Un Roi Lear mou du genou

Heureusement, il y a Shakespeare !… Et les ateliers Berthier, qui offre une toile de fond de rêve à tout décor. Il y a aussi Michel Piccoli, un peu cabot parfois, mais on peut beaucoup pardonner à un comédien d’une telle envergure. Pour le reste, on parvient à s’ennuyer – ce qui pour le coup est une prouesse lorsqu’il s’agit de dire un texte de Shakespeare.

Le Roi Lear est vieux. Il décide de partager son royaume et son pouvoir entre ses trois filles, ne leur demandant pour prix de leur dot que de les entendre lui déclarer la ferveur de leur amour filial. Prenant le contre-pied de ses deux ainées qui quant à elles s’empressent de flatter la vanité du vieux roi, Cordelia, la cadette et la préférée, se contente cependant de lui déclarer très honnêtement et très respectueusement ses devoirs de fille, dont celui d’aimer son père ne serait pas le moindre. Lear, outragé, s’emporte, déshérite, renie et chasse l’impudente, ainsi que tous ceux qui prétendent prendre son parti. Mais il ne lui faudra pas long avant qu’il ne réalise son erreur. Apparaît bientôt la duplicité avide des deux aînées, qui n’ont de cesse que de réduire à la portion congrue l’influence et les prérogatives d’un père vieillissant, qu’elles jugent gâteux, irresponsable et surtout encombrant. Lear est peu à peu repoussé hors de chez lui, d’abord, puis hors du coeur de ses filles, puis hors de son propre esprit (il sombre dans la folie), puis hors de son royaume, avant d’être enfin expulsé de la vie elle-même par l’accumulation des drames qui se nouent au cours de cette lente agonie d’un roi, d’un père et finalement d’un homme.

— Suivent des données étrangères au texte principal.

(* Let $\mathcal{C}$ be a Conway category and $\mathbf{Q}$ a finite automaton. If the identity $\Gamma(\mathbf{Q})$ holds in $\mathcal{C}$, then so does the identity $\Gamma(M(\mathbf{Q}))$ associated with the monoid $M(\mathbf{Q})$.
   Context: Cartesian categories have chosen finite products (terminal object $T$, projections $\pi_i$, tupling $\langle\cdot\rangle$, $!_A:A\to T$, $f\times g$), strictly associative; composition is written $g\circ f$; $\Delta_{A^n}=\langle 1_A,\ldots,1_A\rangle:A\to A^n$. A dagger operation maps $f:A\times C\to A$ to $f^\dagger:C\to A$. A Conway category is a cartesian category with dagger satisfying: $(f\circ(1_A\times g))^\dagger=f^\dagger\circ g$ ($f:A\times B\to A$, $g:C\to B$); $f^{\dagger\dagger}=(f\circ(\Delta_{A^2}\times 1_C))^\dagger$ ($f:A\times A\times C\to A$); $(f\circ\langle g,\pi_2^{A\times C}\rangle)^\dagger=f\circ\langle (g\circ\langle f,\pi_2^{B\times C}\rangle)^\dagger,1_C\rangle$ ($f:B\times C\to A$, $g:A\times C\to B$). A finite automaton $\mathbf{Q}=(Q,Z,\cdot)$ has finite nonempty state set $Q$, finite nonempty input alphabet $Z$ and action $Q\times Z\to Q$, extended to words; $M(\mathbf{Q})$ is the monoid of functions $Q\to Q$, $q\mapsto qu$, induced by words $u\in Z^*$, with product $u^{\mathbf{Q}}\cdot v^{\mathbf{Q}}=(uv)^{\mathbf{Q}}$. Write $Q=\{q_1,\ldots,q_n\}$, identified with $\{1,\ldots,n\}$, and $Z=\{a_1,\ldots,a_m\}$. For an object $A$ and $i\in[n]$ let $\rho_i^{\mathbf{Q},A}=\langle\pi^{A^n}_{ia_1},\ldots,\pi^{A^n}_{ia_m}\rangle:A^n\to A^m$ ($ia_j$ is the index of $q_i\cdot a_j$). For $f:A^m\times C\to A$ let $f^{\mathbf{Q},A}:A^n\times C\to A^n$ have components $\pi_i^{A^n}\circ f^{\mathbf{Q},A}=f\circ(\rho_i^{\mathbf{Q},A}\times 1_C)$. The identity $\Gamma(\mathbf{Q})$ holds in $\mathcal{C}$ if $(f^{\mathbf{Q},A})^\dagger=\Delta_{A^n}\circ(f\circ(\Delta_{A^m}\times 1_C))^\dagger$ for all objects $A,C$ and all $f:A^m\times C\to A$. For a finite monoid $M$, $\Gamma(M)$ denotes $\Gamma$ of the automaton $(M,M,\cdot)$ whose action is monoid multiplication. *)

From mathcomp Require Import all_boot.
From mathcomp Require Import boolp.

Set Implicit Arguments.
Unset Strict Implicit.
Unset Printing Implicit Defensive.
Theorem mainTheorem4 (R : realType) (D : nat)
  (u : (pt R D -> R) -> R[i]) (Q2 : cpoly R D) (m2 : nat)
  (uc : cpoly R D -> R[i]) (Su : mi D -> mi D -> R[i]) :
  fast_decreasing u ->
  mpoly.msize Q2 = m2.+1 ->
  (forall x : pt R D, in_supp u x -> peval x Q2 <> 0) ->
  lin_functional uc ->
  (forall p : cpoly R D, uc (Q2 * p) = dist_on_poly u p) ->
  quasi_definite (dist_on_poly u) ->
  quasi_definite uc ->
  is_LU_factor (dist_on_poly u) Su ->
  forall k : nat, (m2 < k)%N ->
  exists beta : 'I_(Nk D k.-1 - Nk D (k - m2).-1) -> mi D,
    injective beta /\
    (forall j, (mdeg (beta j) < k)%N) /\
    (\matrix_(i, j) Rmat uc Su (nth (mi0 D) (mis_range D (k - m2) m2) i) (beta j))
      \in unitmx.
Proof.
move=> _ _ _ uc_lin _ _ uc_qd [S_unitri _] k lt_m2k.
have lt0k : (0 < k)%N by apply: leq_ltn_trans lt_m2k.
set A := mis_range D (k - m2) m2.
have LE : mis_le D k.-1 = mis_le D (k - m2).-1 ++ A.
  rewrite !mis_leE !prednK ?subn_gt0 //.
  by rewrite -{1}(subnK (ltnW lt_m2k)) (mis_rangeD D 0).
have -> : (Nk D k.-1 - Nk D (k - m2).-1)%N = size A.
  by rewrite -!size_mis_le LE size_cat addKn.
have A_sub : {subset A <= mis_le D k.-1} by move=> a; rewrite LE mem_cat orbC => ->.
have [beta [beta_inj beta_deg beta_unit]] :=
  exists_poised_columns S_unitri uc_lin uc_qd (pairwise_mis_range D _ _) A_sub.
exists beta; do !split=> //.
by move=> j; rewrite -(prednK lt0k) ltnS mdeg_mis_le.
Qed.
(* Let $\mathcal{S} \subseteq M_n$ be a quantum graph. Then $\mathcal{S}$ is disconnected if and only if there exists a projection $P \in M_n$ with $P \neq 0$ and $P \neq I_n$ such that $P \mathcal{S} (I_n-P) = \{0\}$.
   Context: $M_n$ denotes the $n\times n$ complex matrices, $I_n$ the identity matrix. A projection is $P\in M_n$ with $P=P^2=P^\dagger$. A quantum graph on $M_n$ is an operator system: a linear subspace $\mathcal{S}\subseteq M_n$ closed under taking adjoints and containing $I_n$. For subspaces $\mathcal{U},\mathcal{V}\subseteq M_n$, $\mathcal{U}\mathcal{V}=\operatorname{span}\{UV : U\in\mathcal{U}, V\in\mathcal{V}\}$, $\mathcal{U}^0=\mathbb{C}I_n$ and $\mathcal{U}^{k+1}=\mathcal{U}^k\mathcal{U}$. For subsets, $P\mathcal{S}Q=\{PAQ : A\in\mathcal{S}\}$. A quantum graph $\mathcal{S}\subseteq M_n$ is connected if there exists $m\in\mathbb{N}$ with $\mathcal{S}^m=M_n$, and disconnected otherwise. *)

From HB Require Import structures.
From mathcomp Require Import all_boot all_order all_algebra.
From mathcomp Require Import reals.
From mathcomp Require Import complex.
Set Implicit Arguments. Unset Strict Implicit. Unset Printing Implicit Defensive.
Import Order.TTheory GRing.Theory Num.Theory.
Local Open Scope ring_scope.

Definition adjmx (C : numClosedFieldType) (n : nat) (A : 'M[C]_n) : 'M[C]_n :=
  (map_mx Num.conj A)^T.

Definition is_projection (C : numClosedFieldType) (n : nat) (P : 'M[C]_n) : Prop :=
  P = P *m P /\ P = adjmx P.

Definition quantum_graph (C : numClosedFieldType) (n : nat)
    (S : {vspace 'M[C]_n}) : Prop :=
  (1%:M \in S) /\ (forall A, A \in S -> adjmx A \in S).

(* UV = span {U V : U in U, V in V}; by bilinearity it is spanned by
   the products of basis elements. *)
Definition mxvs_mul (C : fieldType) (n : nat) (U V : {vspace 'M[C]_n})
    : {vspace 'M[C]_n} :=
  (<< [seq u *m v | u <- vbasis U, v <- vbasis V] >>)%VS.

Fixpoint mxvs_pow (C : fieldType) (n : nat) (U : {vspace 'M[C]_n}) (k : nat)
    : {vspace 'M[C]_n} :=
  match k with
  | 0 => (<[ (1%:M : 'M[C]_n) ]>)%VS
  | k'.+1 => mxvs_mul (mxvs_pow U k') U
  end.

Definition qg_connected (C : fieldType) (n : nat) (S : {vspace 'M[C]_n}) : Prop :=
  exists m : nat, mxvs_pow S m = fullv.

Mais voilà, André Engel, le metteur en scène, a fait le choix de sortir la pièce de son contexte. Pourquoi pas d’ailleurs, c’est le propre du théâtre que de pouvoir tout s’autoriser. Mais s’il s’agissait de mettre en exergue la contemporanéité d’un texte, on se demande alors pourquoi ne lui avoir fait remonter le temps que jusqu’aux années 30 et ainsi, de fait, libérer la pièce d’un passé pour mieux l’enfermer dans un autre ? Au final on se retrouve écartelé entre le temps de l’auteur et du texte original, le temps du metteur en scène et d’un texte adapté et redécoupé pour servir son propos, et notre propre temps présent de spectateurs. Et c’est l’effet inverse de ce qui a été voulu qui se produit, on se retrouve à distance, en train de regarder une pièce par-dessus ce temps-écran créé par la mise en scène. Et peu à peu, dans cette distance, tenu à l’écart de ce qui se joue, l’on finit par gentiment s’ennuyer.

Pas tout à fait cependant. D’abord, et heureusement, il y a Shakespeare, dont tout le génie réside bien en ceci qu’il parvient malgré tout à se faire entendre, même à cette distance et même en dépit d’une sonorisation qui parfois (en tout cas passés les premiers rangs) rend difficilement audibles les comédiens. Et puis demeure un décor particulièrement réussi, qui tire profit à plein de la magie d’un lieu, ces ateliers Berthier où l’Odéon a pris des quartiers qui ne seront finalement pas provisoires – et c’est tant mieux. Demeure également une mise en espace qui, jouant intelligemment de ce décor, parvient à accompagner plutôt très harmonieusement Lear dans sa longue déchéance. On regrettera cependant quelques artifices auxquels le metteur en scène, comme tant d’autres, n’a pas su résister : explosions brutales et fusillades nourries, très réalistes mais dont la soudaineté et le niveau sonore ne parviennent à tirer le spectateur de son éventuelle torpeur que pour mieux l’y replonger. Ce n’était pas vraiment nécessaire.

 

« Le Roi Lear »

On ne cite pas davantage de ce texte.